According to Yardi Matrix, Phoenix experienced $3.3 billion in multifamily investment sales through the first three quarters of 2025: 60 properties trading at an average per-unit price of $270,114. That is $300 million higher than the same point in 2024, and a total of 8 more deals—although the per-unit price is down from $283K. 

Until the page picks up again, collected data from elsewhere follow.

(* The target counital subalgebra of the quantum groupoid $H_\mathcal{C}$ is $$H_t(H_\mathcal{C})=\mathrm{span}_a\Big\{\sum_{k,b}\frac{\sqrt{d_k}}{\sqrt{d_a}}\,e^{ab}_{k;ab}\Big\},$$ where $a$ ranges over $Irr(\mathcal{C})$, and the inner sum is over $k,b\in Irr(\mathcal{C})$ with $(a,k,b)$ admissible. Moreover $\dim_\mathbb{C}H_t(H_\mathcal{C})=\dim_\mathbb{C}V_{\mathbf{1}}$, so $H_t(H_\mathcal{C})\cong V_{\mathbf{1}}$ as $H_\mathcal{C}$-modules. In particular the tensor unit $H_t(H_\mathcal{C})$ of $Rep(H_\mathcal{C})$ is simple.
   Context: Let $\mathcal{C}$ be a unitary fusion category that is multiplicity-free, whose simple objects are self-dual, and whose Frobenius–Schur indicators are trivial. Choose its $F$-matrices to be unitary, and normalize theta symbols as $\theta(a,b,c)=\sqrt{d_ad_bd_c}$, where $d_a$ is the quantum dimension of $a$ and $Irr(\mathcal{C})$ is the set of simple objects. The Kitaev–Kong $C^*$-quantum groupoid (weak Hopf algebra) is $$H_\mathcal{C}=\bigoplus_{a,b,c,d,i\in Irr(\mathcal{C})}Hom(b,a\otimes i)\otimes Hom(i\otimes d,c).$$ It has basis vectors $e^{ab}_{i;cd}$, pictured as an ''H''-shaped graph: left vertical edge labelled $a$ on top and $b$ on the bottom, right vertical edge labelled $c$ on top and $d$ on the bottom, and horizontal rung labelled $i$. The structure maps are as follows. - Multiplication: $e^{ab}_{i;cd}\,e^{a'b'}_{i';c'd'}=\frac{\delta_{c,a'}\delta_{d,b'}\delta_{i,i'}}{\sqrt{d_i}}\,e^{ab}_{i;c'd'}$. - Unit: $\eta=\sum_{a,b,i}\sqrt{d_i}\,e^{ab}_{i;ab}$. - Counit: $\varepsilon(e^{ab}_{i;cd})=\delta_{a,b}\delta_{c,d}\delta_{i,\mathbf{1}}$. - Comultiplication: $$\Delta(e^{ab}_{i;cd})=\sum_{j,k,p,q}\frac{\sqrt{d_jd_k}}{\sqrt{d_i}}F^{ajk}_{b;ip}F^{dkj}_{c;iq}\;e^{ap}_{j;cq}\otimes e^{pb}_{k;qd},$$ where $j,k$ range over labels admissible with $i$. - Antipode: $S(e^{ab}_{i;cd})=\frac{\sqrt{d_bd_c}}{\sqrt{d_ad_d}}e^{dc}_{i;ba}$. - Star: $(e^{ab}_{i;cd})^*=e^{cd}_{i;ab}$. The target counital map is $\varepsilon_t(h)=\varepsilon(\eta_{(1)}h)\eta_{(2)}$ (Sweedler notation $\Delta(\eta)=\eta_{(1)}\otimes\eta_{(2)}$). The target counital subalgebra is $H_t=\varepsilon_t(H_\mathcal{C})$. It is the tensor unit of $Rep(H_\mathcal{C})$, with action $h\cdot z=\varepsilon_t(hz)$. For $i\in Irr(\mathcal{C})$, let $V_i=\mathrm{span}\{v^{ab}_i : (i,a,b)\text{ admissible}\}$, where $v^{ab}_i$ is a trivalent vertex with legs labelled $a,b,i$. Its $H_\mathcal{C}$-module structure is $e^{ab}_{j;cd}\cdot v^{pq}_i=\frac{\delta_{i,j}\delta_{c,p}\delta_{d,q}}{\sqrt{d_i}}v^{ab}_i$. The $V_i$ are the simple $H_\mathcal{C}$-modules. *)

From HB Require Import structures.
From mathcomp Require Import all_boot all_order all_algebra.
Set Implicit Arguments. Unset Strict Implicit. Unset Printing Implicit Defensive.
Import Order.TTheory GRing.Theory Num.Theory.
Local Open Scope ring_scope.
(* Let $\lambda_0\in\mathbb{C}$ and let $L(\lambda)$ be a matrix pencil of the block upper triangular form \[ L(\lambda)=\begin{bmatrix} L_\ell(\lambda) & A(\lambda) & B(\lambda)\\ 0 & R(\lambda) & C(\lambda)\\ 0 & 0 & L_r(\lambda)\end{bmatrix}, \] where $L_\ell(\lambda)$ is right invertible over $\mathbb{C}[\lambda]$, $L_r(\lambda)$ has no eigenvalues at $\lambda_0$ and has no right minimal indices, and $R(\lambda)$ is regular and has only eigenvalues at $\lambda_0$. Then $\{v_i(\lambda)\}_{i=1}^s$ is a maximal set of root polynomials for $R(\lambda)$ at $\lambda_0$ of orders $\ell_1,\dots,\ell_s$ if and only if a maximal set of root polynomials (of the same orders) for $L(\lambda)$ at $\lambda_0$ has the form $\{q_i(\lambda)\}_{i=1}^s$ where \[ q_i(\lambda)=\begin{bmatrix} u_i(\lambda)\\ v_i(\lambda)\\ 0\end{bmatrix}+(\lambda-\lambda_0)^{\ell_i} r_i(\lambda),\qquad i=1,\dots,s, \] for some polynomial vectors $u_i(\lambda)$, $r_i(\lambda)$.
   Context: A polynomial matrix $A(\lambda)$ is right invertible over $\mathbb{C}[\lambda]$ if there is a polynomial $A(\lambda)^R$ with $A(\lambda)A(\lambda)^R=I$. Let the columns of $N(\lambda)$ be a right minimal basis of $P(\lambda)$. A root polynomial of order $k$ at $\lambda_0$ is a polynomial $x(\lambda)$ with $x(\lambda_0)\neq0$, $P(\lambda)x(\lambda)=(\lambda-\lambda_0)^k v(\lambda)$, $v(\lambda_0)\ne0$, and $[N(\lambda_0)\ x(\lambda_0)]$ of full column rank. A set $\{r_1,\dots,r_s\}$ of root polynomials is $\lambda_0$-independent if $[N(\lambda_0)\ r_1(\lambda_0)\cdots r_s(\lambda_0)]$ has full column rank; it is complete if no larger $\lambda_0$-independent set exists; a complete set ordered by decreasing orders $k_1\ge\dots\ge k_s>0$ is maximal if for no $j$ there is a root polynomial $\tilde r$ of order $>k_j$ with $[N(\lambda_0)\ r_1(\lambda_0)\cdots r_{j-1}(\lambda_0)\ \tilde r(\lambda_0)]$ of full column rank. *)

From HB Require Import structures.
From mathcomp Require Import all_boot all_order all_algebra.
From mathcomp Require Export fraction.
From mathcomp Require Export complex.
From mathcomp Require Export reals.

Set Implicit Arguments.
Unset Strict Implicit.
Unset Printing Implicit Defensive.

Import GRing.Theory.
Local Open Scope ring_scope.

Section PolyMatrixDefs.
Variable F : fieldType.

Definition evalmx (m n : nat) (M : 'M[{poly F}]_(m, n)) (mu : F) : 'M[F]_(m, n) :=
  map_mx (fun p => p.[mu]) M.

Definition fracmx (m n : nat) (M : 'M[{poly F}]_(m, n)) : 'M[{fraction {poly F}}]_(m, n) :=
  map_mx (@FracField.tofrac [the idomainType of {poly F}]) M.

Definition nrank (m n : nat) (M : 'M[{poly F}]_(m, n)) : nat := \rank (fracmx M).

(* matrix pencil: every entry has degree <= 1 *)
Definition is_pencil (m n : nat) (M : 'M[{poly F}]_(m, n)) : Prop :=
  forall i j, (size (M i j) <= 2)%N.

Definition right_invertible (m n : nat) (M : 'M[{poly F}]_(m, n)) : Prop :=
  exists X : 'M[{poly F}]_(n, m), M *m X = 1%:M.

Definition pregular (n : nat) (M : 'M[{poly F}]_n) : Prop := \det M != 0.

Definition peigenvalue (m n : nat) (M : 'M[{poly F}]_(m, n)) (mu : F) : Prop :=
  (\rank (evalmx M mu) < nrank M)%N.

Definition coldeg (n p : nat) (N : 'M[{poly F}]_(n, p)) (j : 'I_p) : nat :=
  (\max_(i < n) size (N i j)).-1.

(* the columns of N are a polynomial basis of the right null space of P over F(lambda) *)
Definition poly_null_basis (m n p : nat) (P : 'M[{poly F}]_(m, n)) (N : 'M[{poly F}]_(n, p)) : Prop :=
  [/\ P *m N = 0, nrank N = p & p = (n - nrank P)%N].

Definition right_minimal_basis (m n p : nat) (P : 'M[{poly F}]_(m, n)) (N : 'M[{poly F}]_(n, p)) : Prop :=
  poly_null_basis P N /\
  forall N' : 'M[{poly F}]_(n, p), poly_null_basis P N' ->
    (\sum_(j < p) coldeg N j <= \sum_(j < p) coldeg N' j)%N.

Definition root_poly (m n p : nat) (P : 'M[{poly F}]_(m, n)) (N : 'M[{poly F}]_(n, p))
    (mu : F) (x : 'cV[{poly F}]_n) (k : nat) : Prop :=
  [/\ (0 < k)%N,
      evalmx x mu != 0,
      (exists2 v : 'cV[{poly F}]_m, P *m x = ('X - mu%:P) ^+ k *: v & evalmx v mu != 0)
    & \rank (row_mx (evalmx N mu) (evalmx x mu)) = (p + 1)%N].

Definition colsmx (n s : nat) (r : 'I_s -> 'cV[{poly F}]_n) : 'M[{poly F}]_(n, s) :=
  \matrix_(i < n, j < s) r j i ord0.

Definition indep_at (n p s : nat) (N : 'M[{poly F}]_(n, p)) (mu : F)
    (r : 'I_s -> 'cV[{poly F}]_n) : Prop :=
  \rank (row_mx (evalmx N mu) (evalmx (colsmx r) mu)) = (p + s)%N.

Definition root_set (m n p s : nat) (P : 'M[{poly F}]_(m, n)) (N : 'M[{poly F}]_(n, p))
    (mu : F) (r : 'I_s -> 'cV[{poly F}]_n) (k : 'I_s -> nat) : Prop :=
  (forall i, root_poly P N mu (r i) (k i)) /\ indep_at N mu r.

Definition complete_set (m n p s : nat) (P : 'M[{poly F}]_(m, n)) (N : 'M[{poly F}]_(n, p))
    (mu : F) (r : 'I_s -> 'cV[{poly F}]_n) (k : 'I_s -> nat) : Prop :=
  root_set P N mu r k /\
  forall (t : nat) (r' : 'I_t -> 'cV[{poly F}]_n) (k' : 'I_t -> nat),
    root_set P N mu r' k' -> (t <= s)%N.

(* maximal: complete, orders non-increasing, and for no j (0-based) is there a root
   polynomial x of order > k_j with [N(mu) r_0(mu) ... r_{j-1}(mu) x(mu)] of full column rank *)
Definition maximal_set (m n p s : nat) (P : 'M[{poly F}]_(m, n)) (N : 'M[{poly F}]_(n, p))
    (mu : F) (r : 'I_s -> 'cV[{poly F}]_n) (k : 'I_s -> nat) : Prop :=
  [/\ complete_set P N mu r k,
      (forall i j : 'I_s, (i <= j)%N -> (k j <= k i)%N)
    & forall (j : 'I_s) (x : 'cV[{poly F}]_n) (kx : nat),
        root_poly P N mu x kx -> (k j < kx)%N ->
        \rank (row_mx (row_mx (evalmx N mu)
                 (evalmx (colsmx (fun l : 'I_j => r (widen_ord (ltnW (ltn_ord j)) l))) mu))
                 (evalmx x mu)) <> (p + j + 1)%N].

End PolyMatrixDefs.

From HB Require Import structures.
From mathcomp Require Import all_boot all_order all_algebra.
From mathcomp Require Import fraction complex reals.
From Stdlib Require Import FunctionalExtensionality.

(* Since [Rm] is regular and [Lr(lam0)] has full column rank, every polynomial null
   vector of [L], in particular every column of its minimal basis [NL], vanishes below
   the first block row.  A minimal basis has full column rank at every point, and
   right invertibility of [Ll] forces the values at [lam0] of the top block of [NL] to
   span [ker Ll(lam0)].  Hence, for vectors annihilated by [L(lam0)], independence
   from [NL(lam0)] is independence of the middle blocks.  The middle block of a root
   polynomial of [L] of order [k] is a root polynomial of [Rm] of order at least [k]
   (the third block is divisible by [(X - lam0)^k]), and [v |-> (-X A v; v; 0)], with
   [X] a right inverse of [Ll], sends root polynomials of [Rm] to root polynomials of
   [L] of the same order.  Completeness and maximality transfer along these two maps;
   the minimal basis of the regular [Rm] is empty. *)

Set Implicit Arguments.
Unset Strict Implicit.
Unset Printing Implicit Defensive.

Import GRing.Theory.
Local Open Scope ring_scope.

Section ColumnRank.
Variable K : fieldType.

Lemma row_full_mulmx_eq0 m n p (M : 'M[K]_(m, n)) (A : 'M_(n, p)) :
  row_full M -> M *m A = 0 -> A = 0.
Proof. by move=> fullM MA0; apply: (row_full_inj fullM); rewrite MA0 mulmx0. Qed.

Lemma row_full_kerP m n (M : 'M[K]_(m, n)) :
  row_full M <-> (forall c : 'cV_n, M *m c = 0 -> c = 0).
Proof.
split=> [fullM c | kerM]; first exact: row_full_mulmx_eq0.
have -> : row_full M = row_free M^T by rewrite /row_free /row_full mxrank_tr.
rewrite -kermx_eq0; apply/eqP/row_matrixP => i; rewrite row0.
apply: trmx_inj; rewrite trmx0; apply: kerM.
by rewrite -{1}[M]trmxK -trmx_mul -row_mul mulmx_ker row0 trmx0.
Qed.

Lemma row_full_cV m (v : 'cV[K]_m) : row_full v = (v != 0).
Proof.
rewrite /row_full -mxrank_eq0; have := rank_leq_col v.
by case: (\rank v) => [|[|]].
Qed.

Notable Multifamily Transactions in Greater Phoenix

Some of the key deals during the past few weeks include:

  • The Avi, a 196-unit complex in Tempe—at $40 million, a significant discount from the previous $66.5 million paid in 2022.
  • Echo Biltmore, a 215-unit apartment complex in the Camelback Corridor built in 2024, sold for $71.3 million. 
  • Cimarron Apartments, a 210-unit complex in downtown Mesa, sold for $33 million.
  • Emparrado Apartments, a 154-unit apartment community in Mesa, sold for $24.25 million and will be renovated and rebranded as Rise Mountain Ridge.
  • Camden Copper Square Apartments, a 332-unit community in downtown Phoenix, sold for $77 million.
  • Monument, a 163-unit community in Chandler, Ariz., sold for $46 million, an 18% loss from its previous sale in 2021.

What Lies Ahead for Phoenix Multifamily?

The latest CoStar figures indicate that the Valley recorded 15,000 units of net absorption in multifamily during the past 12 months, outpacing the pre-COVID 5-year annual average of 7,200 units—putting Phoenix in the top 10 markets in the US for demand formation. Asking rents have decreased 3.5% year over year, with more than 60% of communities offering discounts. At 13%, vacancies remain well above the 9% historical average, with class A properties sitting at 14.5 %.

Behind the numbers is the same challenging environment that we have seen in the past few years: historic levels of construction, with nearly 23,000 units delivered in the past 12 months and 21,000 units in the pipeline. Going forward, a pullback in construction starts suggests an easing of supply pressure by late 2026, which should allow the start of a recovery to form. In addition, multifamily capitalization rates may begin to decrease in 2026, a sign of easing distress, improving credit conditions, and higher renter demand.